As the second half of 2024 unfolds, the private equity market is showing resilience. Limited partners (LPs) are refining their strategies to better adapt to the changing economic environment, while general partners (GPs) are strategically optimizing their exit plans. The private equity secondary market is also becoming increasingly important in providing liquidity, while the ongoing integration of ESG principles and the growing emphasis on AI continue to shape the industry’s evolution.

 

Q2 Sees a Recovery in Private Equity Deal Value

Private equity deal activity experienced a noticeable rebound in Q2 2024. According to PitchBook’s Q2 2024 Global PE First Look report, the global value of private equity transactions increased by 7.9% in Q2’24 compared to the first quarter1, signalling renewed confidence among investors and GPs.

Quarterly Global PE Deal Activity

Source: Pitchbook Q2' 2024 Global PE First Look

Although this recovery is encouraging, we do recognize that a rebound of one quarter does not signify a new trend.

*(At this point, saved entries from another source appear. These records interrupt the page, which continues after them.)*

Lemma pohozaev_factor_vanishes L p th T U U1 :
  0 < p -> 0 < T <= th -> th < PI -> positive_solution L p T U U1 ->
  cont_within 0 T U T -> U T = 0 -> cont_within 0 T U1 T ->
  (forall x e, 0 < x -> e > 0 ->
     exists y, 0 < y < x /\ Rabs (pohozaev L p (inv_weight_prim L th) U U1 y) <= e) ->
  (forall x, 0 < x < T -> 0 <= pohozaev_factor L p (inv_weight_prim L th) x) ->
  forall a b, 0 < a -> a < b -> b < T ->
    exists c, a < c < b /\ pohozaev_factor L p (inv_weight_prim L th) c = 0.
Proof.
  intros Hp HT Hth [U2 Hsol] cU HUT cU1 Hnear0 HE a b Ha Hab HbT.
  set (t := inv_weight_prim L th) in *.
  set (D := fun x => sin_weight L x * Rpower (U x) (p + 1) * pohozaev_factor L p t x / (2 * (p + 1))).
  destruct (squeezed_nondecreasing_deriv_zero (pohozaev L p t U U1) D T) with (a := a) (b := b)
    as [c [Hc HDc]]; [| | | | lra | lra | lra |].
  - intros x Hx. destruct (Hsol x Hx) as [dU [dU1 [Hode HU]]].
    apply (pohozaev_derive L p t U U1 U2); auto; lra.
  - intros x Hx. pose proof (sin_weight_pos L x ltac:(lra)). pose proof (Rpower_pos (U x) (p + 1)).
    pose proof (HE x Hx). unfold D.
    apply Rmult_le_pos; [apply Rmult_le_pos; [apply Rmult_le_pos|]; lra|].
    left; apply Rinv_0_lt_compat; lra.
  - intros x e Hx He. destruct (Hnear0 x e Hx He) as [y [Hy HPy]].
    exists y. split; auto. apply Rabs_le_between in HPy. lra.
  - apply pohozaev_small_near_end; auto. intros x Hx. apply Hsol; auto.
  - exists c. split; auto. unfold D in HDc.
    pose proof (sin_weight_pos L c ltac:(lra)). pose proof (Rpower_pos (U c) (p + 1)).
    assert (Hprod : sin_weight L c * Rpower (U c) (p + 1) * pohozaev_factor L p t c = 0).
    { replace (sin_weight L c * Rpower (U c) (p + 1) * pohozaev_factor L p t c)
        with (sin_weight L c * Rpower (U c) (p + 1) * pohozaev_factor L p t c / (2 * (p + 1)) * (2 * (p + 1)))
        by (field; lra).
      rewrite HDc. ring. }
    apply Rmult_integral in Hprod. destruct Hprod as [Hprod|]; auto.
    apply Rmult_integral in Hprod. destruct Hprod; lra.
Qed.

While indications are that this may still materialize over the coming months, current deal values are more in line with the 2017-2020 period, where activity stabilized at a quarterly rate of around $319bn1. However, reaching the remarkable peaks seen during 2021-2022 would be tough – a time marked with very low interest rates and major stimulus efforts.

  

Evolving LP Strategies Amid Market Shifts

As 2024 progresses, limited partners (LPs) are maintaining a cautiously optimistic outlook. The SSC Intralinks 2024 LP Survey, in partnership with Private Equity Wire, reveals that 62% of LPs plan to boost their private equity allocations in the upcoming year2.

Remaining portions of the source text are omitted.